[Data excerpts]
__________
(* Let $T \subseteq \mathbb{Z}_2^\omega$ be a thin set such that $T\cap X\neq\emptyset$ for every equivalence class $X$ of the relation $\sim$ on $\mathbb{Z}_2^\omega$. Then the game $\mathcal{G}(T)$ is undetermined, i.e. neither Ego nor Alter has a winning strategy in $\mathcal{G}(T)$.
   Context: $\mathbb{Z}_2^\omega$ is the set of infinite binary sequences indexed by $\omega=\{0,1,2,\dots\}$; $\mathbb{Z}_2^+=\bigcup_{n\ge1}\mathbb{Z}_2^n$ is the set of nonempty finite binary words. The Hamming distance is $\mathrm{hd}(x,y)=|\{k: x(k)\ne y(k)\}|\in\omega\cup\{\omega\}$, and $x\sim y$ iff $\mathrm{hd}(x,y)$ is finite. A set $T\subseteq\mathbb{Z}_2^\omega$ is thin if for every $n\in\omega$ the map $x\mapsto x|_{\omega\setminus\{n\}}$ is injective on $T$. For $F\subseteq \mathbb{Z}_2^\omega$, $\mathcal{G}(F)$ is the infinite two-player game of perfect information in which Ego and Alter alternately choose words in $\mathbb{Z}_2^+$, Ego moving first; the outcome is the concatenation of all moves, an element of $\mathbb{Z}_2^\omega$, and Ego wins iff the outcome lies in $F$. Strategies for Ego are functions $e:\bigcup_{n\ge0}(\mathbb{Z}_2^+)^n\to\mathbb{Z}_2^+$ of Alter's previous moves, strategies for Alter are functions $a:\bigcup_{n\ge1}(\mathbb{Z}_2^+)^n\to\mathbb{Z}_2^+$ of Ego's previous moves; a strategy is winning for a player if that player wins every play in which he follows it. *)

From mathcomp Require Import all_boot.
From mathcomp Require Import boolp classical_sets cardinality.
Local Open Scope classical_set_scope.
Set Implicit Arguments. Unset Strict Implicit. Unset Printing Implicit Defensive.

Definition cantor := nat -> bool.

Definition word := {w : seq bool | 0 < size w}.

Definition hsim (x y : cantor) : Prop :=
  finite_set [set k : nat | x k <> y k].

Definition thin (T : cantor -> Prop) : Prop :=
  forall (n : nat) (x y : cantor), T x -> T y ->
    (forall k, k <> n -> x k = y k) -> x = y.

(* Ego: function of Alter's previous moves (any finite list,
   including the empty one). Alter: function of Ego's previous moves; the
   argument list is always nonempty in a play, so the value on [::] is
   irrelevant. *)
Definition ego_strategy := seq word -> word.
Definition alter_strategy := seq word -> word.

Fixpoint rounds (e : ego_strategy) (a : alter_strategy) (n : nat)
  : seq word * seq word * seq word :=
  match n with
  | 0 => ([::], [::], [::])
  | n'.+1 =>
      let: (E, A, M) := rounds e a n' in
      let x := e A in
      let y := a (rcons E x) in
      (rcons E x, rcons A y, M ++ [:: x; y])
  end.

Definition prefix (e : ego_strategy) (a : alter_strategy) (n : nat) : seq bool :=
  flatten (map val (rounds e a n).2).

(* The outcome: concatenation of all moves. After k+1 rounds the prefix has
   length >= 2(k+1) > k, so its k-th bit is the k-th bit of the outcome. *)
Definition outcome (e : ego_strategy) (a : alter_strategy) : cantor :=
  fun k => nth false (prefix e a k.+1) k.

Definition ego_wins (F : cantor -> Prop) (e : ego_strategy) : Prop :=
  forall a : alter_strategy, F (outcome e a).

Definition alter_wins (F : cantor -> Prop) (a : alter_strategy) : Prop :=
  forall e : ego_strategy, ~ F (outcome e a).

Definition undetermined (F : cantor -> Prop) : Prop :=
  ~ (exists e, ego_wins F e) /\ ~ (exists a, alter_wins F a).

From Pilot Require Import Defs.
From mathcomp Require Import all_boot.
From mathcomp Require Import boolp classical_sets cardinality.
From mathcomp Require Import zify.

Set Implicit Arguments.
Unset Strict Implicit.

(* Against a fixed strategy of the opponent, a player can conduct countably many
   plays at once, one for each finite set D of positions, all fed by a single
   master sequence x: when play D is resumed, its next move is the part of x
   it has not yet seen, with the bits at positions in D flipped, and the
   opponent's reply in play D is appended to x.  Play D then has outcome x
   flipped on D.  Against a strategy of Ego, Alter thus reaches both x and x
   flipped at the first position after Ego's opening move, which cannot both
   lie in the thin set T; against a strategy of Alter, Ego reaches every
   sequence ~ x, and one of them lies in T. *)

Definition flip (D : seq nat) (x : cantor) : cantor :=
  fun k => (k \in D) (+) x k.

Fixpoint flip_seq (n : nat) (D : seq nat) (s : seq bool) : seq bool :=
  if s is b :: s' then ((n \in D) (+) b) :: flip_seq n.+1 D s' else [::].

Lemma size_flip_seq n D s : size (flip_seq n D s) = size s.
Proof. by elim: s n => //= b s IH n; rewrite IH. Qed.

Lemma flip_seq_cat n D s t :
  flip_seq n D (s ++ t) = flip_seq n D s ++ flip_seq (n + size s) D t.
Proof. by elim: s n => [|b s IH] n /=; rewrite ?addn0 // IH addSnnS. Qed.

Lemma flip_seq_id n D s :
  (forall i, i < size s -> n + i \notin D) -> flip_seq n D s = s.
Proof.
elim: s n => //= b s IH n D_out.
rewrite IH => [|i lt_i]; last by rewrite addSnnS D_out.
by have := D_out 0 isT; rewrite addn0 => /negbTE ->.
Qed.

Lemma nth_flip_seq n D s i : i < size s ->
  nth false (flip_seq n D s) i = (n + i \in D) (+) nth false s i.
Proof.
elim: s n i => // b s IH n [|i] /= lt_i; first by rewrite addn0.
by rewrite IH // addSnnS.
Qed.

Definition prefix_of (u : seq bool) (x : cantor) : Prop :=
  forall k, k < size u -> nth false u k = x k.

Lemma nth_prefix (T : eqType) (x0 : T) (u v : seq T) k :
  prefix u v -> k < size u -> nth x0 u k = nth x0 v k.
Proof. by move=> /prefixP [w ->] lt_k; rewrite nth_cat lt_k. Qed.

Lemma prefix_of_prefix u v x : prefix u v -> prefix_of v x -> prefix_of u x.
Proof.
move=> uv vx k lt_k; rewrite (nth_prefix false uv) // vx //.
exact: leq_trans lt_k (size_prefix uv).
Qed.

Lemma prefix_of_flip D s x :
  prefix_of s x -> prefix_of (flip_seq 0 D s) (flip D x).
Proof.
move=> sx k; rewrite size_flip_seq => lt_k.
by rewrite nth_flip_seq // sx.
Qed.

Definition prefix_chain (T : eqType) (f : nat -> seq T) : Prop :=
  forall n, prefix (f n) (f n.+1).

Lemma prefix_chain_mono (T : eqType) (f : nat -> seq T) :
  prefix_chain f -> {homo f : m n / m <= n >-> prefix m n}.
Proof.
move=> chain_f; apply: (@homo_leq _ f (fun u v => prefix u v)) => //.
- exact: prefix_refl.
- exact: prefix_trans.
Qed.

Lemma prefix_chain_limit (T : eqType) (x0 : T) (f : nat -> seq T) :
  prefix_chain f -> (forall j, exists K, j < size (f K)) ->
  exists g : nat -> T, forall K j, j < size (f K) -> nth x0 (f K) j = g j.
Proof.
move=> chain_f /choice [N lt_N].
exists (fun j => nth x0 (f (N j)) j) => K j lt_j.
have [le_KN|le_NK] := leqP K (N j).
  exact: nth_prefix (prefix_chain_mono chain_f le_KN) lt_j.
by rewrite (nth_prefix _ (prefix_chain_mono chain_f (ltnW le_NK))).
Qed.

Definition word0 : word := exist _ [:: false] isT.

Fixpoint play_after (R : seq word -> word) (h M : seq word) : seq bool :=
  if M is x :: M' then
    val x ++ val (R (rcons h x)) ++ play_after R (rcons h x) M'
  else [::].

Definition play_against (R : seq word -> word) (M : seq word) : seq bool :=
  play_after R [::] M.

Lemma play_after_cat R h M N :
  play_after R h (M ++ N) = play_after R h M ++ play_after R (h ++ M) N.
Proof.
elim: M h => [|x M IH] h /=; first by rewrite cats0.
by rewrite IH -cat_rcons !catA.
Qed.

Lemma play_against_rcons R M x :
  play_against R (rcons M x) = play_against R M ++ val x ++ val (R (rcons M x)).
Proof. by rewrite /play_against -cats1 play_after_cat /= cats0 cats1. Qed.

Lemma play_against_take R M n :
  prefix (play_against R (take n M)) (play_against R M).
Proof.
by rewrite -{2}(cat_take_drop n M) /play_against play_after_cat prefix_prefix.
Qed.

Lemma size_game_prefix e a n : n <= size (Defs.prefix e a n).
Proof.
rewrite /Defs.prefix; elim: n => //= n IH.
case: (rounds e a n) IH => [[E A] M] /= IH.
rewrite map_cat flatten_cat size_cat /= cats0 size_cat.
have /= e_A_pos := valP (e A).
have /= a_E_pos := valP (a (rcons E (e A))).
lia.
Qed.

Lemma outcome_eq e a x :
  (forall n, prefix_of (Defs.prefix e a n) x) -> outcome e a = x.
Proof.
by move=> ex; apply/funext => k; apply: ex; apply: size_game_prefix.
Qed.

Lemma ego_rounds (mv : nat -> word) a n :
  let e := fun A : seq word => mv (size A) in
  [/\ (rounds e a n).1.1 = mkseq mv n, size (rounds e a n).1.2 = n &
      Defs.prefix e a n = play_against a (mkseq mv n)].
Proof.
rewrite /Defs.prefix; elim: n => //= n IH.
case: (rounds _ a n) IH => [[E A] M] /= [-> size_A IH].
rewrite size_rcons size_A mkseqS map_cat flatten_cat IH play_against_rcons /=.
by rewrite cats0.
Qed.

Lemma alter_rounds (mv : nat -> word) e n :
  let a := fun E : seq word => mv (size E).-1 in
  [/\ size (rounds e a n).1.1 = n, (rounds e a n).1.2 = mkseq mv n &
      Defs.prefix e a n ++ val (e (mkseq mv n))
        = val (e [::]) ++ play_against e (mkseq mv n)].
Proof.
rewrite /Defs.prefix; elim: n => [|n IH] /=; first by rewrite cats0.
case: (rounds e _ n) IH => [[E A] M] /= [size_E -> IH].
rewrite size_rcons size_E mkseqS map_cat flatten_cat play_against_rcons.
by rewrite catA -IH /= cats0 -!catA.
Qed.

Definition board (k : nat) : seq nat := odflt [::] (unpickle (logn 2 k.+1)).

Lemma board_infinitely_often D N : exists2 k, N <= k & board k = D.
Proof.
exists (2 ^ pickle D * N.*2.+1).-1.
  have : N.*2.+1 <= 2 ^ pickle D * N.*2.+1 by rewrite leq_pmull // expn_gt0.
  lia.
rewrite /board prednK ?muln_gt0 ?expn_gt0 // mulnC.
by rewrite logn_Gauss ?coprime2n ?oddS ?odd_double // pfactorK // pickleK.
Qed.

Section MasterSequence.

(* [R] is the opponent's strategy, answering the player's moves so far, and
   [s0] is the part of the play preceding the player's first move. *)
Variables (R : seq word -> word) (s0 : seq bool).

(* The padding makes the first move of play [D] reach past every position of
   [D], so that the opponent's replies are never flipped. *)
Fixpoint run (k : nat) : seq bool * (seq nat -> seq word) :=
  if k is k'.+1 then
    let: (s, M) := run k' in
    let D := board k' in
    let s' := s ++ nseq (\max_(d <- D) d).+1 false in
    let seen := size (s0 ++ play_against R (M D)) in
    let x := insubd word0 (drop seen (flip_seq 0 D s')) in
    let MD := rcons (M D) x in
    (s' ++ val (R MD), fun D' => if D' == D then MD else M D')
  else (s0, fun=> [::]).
__________
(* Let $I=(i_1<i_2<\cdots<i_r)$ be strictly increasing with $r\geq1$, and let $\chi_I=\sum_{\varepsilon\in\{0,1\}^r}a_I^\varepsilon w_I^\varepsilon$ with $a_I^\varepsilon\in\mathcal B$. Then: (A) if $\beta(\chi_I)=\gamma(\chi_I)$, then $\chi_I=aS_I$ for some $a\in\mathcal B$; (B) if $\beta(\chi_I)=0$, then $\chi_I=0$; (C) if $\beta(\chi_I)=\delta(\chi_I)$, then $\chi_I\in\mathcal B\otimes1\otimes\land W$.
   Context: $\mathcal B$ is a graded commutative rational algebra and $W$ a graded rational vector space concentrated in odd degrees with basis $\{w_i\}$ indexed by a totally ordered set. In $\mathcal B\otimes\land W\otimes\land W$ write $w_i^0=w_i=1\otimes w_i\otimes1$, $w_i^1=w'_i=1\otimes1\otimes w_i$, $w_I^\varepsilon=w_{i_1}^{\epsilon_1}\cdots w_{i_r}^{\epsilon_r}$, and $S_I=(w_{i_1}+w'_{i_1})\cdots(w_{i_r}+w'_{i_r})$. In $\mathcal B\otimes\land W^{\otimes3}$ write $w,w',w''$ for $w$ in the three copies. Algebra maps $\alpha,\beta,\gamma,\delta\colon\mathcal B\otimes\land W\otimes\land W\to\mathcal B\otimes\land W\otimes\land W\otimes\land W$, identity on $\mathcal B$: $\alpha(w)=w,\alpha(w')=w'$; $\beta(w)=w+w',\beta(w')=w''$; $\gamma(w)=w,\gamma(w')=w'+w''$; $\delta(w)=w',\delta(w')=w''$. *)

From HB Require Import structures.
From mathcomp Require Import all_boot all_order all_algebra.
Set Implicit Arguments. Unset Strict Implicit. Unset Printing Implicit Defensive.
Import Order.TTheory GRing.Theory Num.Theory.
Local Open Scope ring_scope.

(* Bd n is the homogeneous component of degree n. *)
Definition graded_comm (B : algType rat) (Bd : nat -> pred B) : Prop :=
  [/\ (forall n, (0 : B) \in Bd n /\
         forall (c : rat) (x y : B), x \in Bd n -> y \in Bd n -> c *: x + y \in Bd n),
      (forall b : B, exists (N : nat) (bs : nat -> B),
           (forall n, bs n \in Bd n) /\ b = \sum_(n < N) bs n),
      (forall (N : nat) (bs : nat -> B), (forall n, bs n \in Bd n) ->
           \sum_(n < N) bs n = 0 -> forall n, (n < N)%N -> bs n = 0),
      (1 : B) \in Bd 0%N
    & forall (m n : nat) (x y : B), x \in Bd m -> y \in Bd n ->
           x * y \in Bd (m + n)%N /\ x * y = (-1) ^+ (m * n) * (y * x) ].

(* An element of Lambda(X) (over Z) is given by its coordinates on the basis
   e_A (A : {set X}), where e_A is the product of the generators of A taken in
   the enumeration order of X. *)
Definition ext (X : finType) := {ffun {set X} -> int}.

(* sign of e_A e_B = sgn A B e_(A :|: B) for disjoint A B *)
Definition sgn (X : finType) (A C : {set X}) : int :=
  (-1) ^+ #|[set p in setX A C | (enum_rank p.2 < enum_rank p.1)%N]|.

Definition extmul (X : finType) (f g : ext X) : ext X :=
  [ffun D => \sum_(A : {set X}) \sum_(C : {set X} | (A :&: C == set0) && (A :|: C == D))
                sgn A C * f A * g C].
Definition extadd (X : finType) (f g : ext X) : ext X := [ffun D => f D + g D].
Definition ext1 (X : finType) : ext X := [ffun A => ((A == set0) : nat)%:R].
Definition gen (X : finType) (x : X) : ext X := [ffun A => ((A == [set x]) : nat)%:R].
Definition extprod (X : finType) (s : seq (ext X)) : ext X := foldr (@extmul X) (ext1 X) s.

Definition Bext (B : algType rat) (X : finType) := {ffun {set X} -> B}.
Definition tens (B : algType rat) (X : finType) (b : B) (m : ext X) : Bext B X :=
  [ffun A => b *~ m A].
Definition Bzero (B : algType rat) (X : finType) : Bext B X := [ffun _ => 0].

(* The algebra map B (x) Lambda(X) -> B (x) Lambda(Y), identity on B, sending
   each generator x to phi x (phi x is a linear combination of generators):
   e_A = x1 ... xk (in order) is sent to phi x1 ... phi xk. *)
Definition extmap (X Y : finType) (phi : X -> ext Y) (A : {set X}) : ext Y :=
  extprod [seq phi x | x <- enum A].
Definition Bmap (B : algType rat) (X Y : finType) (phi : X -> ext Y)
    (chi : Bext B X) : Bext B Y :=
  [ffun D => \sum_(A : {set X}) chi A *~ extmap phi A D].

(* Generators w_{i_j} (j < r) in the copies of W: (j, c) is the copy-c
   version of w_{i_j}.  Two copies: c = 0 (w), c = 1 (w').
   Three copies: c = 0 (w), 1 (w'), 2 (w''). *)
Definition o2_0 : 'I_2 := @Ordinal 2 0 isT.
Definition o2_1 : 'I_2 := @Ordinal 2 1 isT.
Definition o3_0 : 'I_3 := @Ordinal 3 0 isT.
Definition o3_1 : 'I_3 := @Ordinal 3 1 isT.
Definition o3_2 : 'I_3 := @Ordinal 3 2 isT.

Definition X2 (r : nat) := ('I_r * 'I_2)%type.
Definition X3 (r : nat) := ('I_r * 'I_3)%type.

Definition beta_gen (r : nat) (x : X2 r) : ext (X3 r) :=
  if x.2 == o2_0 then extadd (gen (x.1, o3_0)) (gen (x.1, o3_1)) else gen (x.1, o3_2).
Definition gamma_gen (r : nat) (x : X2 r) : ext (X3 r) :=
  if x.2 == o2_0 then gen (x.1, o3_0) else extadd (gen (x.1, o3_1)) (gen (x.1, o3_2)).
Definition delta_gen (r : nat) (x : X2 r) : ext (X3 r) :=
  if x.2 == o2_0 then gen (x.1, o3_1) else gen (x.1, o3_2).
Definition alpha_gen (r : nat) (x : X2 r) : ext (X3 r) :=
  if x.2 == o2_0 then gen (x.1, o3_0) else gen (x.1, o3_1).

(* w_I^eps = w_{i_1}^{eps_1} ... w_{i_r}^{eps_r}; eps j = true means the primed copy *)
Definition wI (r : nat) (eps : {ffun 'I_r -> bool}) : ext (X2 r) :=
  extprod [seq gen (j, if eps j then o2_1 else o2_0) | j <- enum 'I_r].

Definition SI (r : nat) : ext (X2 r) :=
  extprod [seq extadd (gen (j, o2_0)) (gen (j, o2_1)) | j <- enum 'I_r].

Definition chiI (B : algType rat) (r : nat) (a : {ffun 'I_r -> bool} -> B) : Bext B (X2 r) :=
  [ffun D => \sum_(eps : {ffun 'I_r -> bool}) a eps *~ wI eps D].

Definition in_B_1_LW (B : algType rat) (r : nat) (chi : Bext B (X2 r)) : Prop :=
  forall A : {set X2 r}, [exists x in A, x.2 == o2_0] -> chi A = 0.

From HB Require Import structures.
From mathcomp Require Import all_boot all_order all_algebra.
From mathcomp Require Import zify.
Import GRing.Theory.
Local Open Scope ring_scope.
__________
• [What to work on]
Identify the lines of the entries containing the string "undetermined". Copy each such line.

• [Response box]
(* Let $T \subseteq \mathbb{Z}_2^\omega$ be a thin set such that $T\cap X\neq\emptyset$ for every equivalence class $X$ of the relation $\sim$ on $\mathbb{Z}_2^\omega$. Then the game $\mathcal{G}(T)$ is undetermined, i.e. neither Ego nor Alter has a winning strategy in $\mathcal{G}(T)$.
Definition undetermined (F : cantor -> Prop) : Prop :=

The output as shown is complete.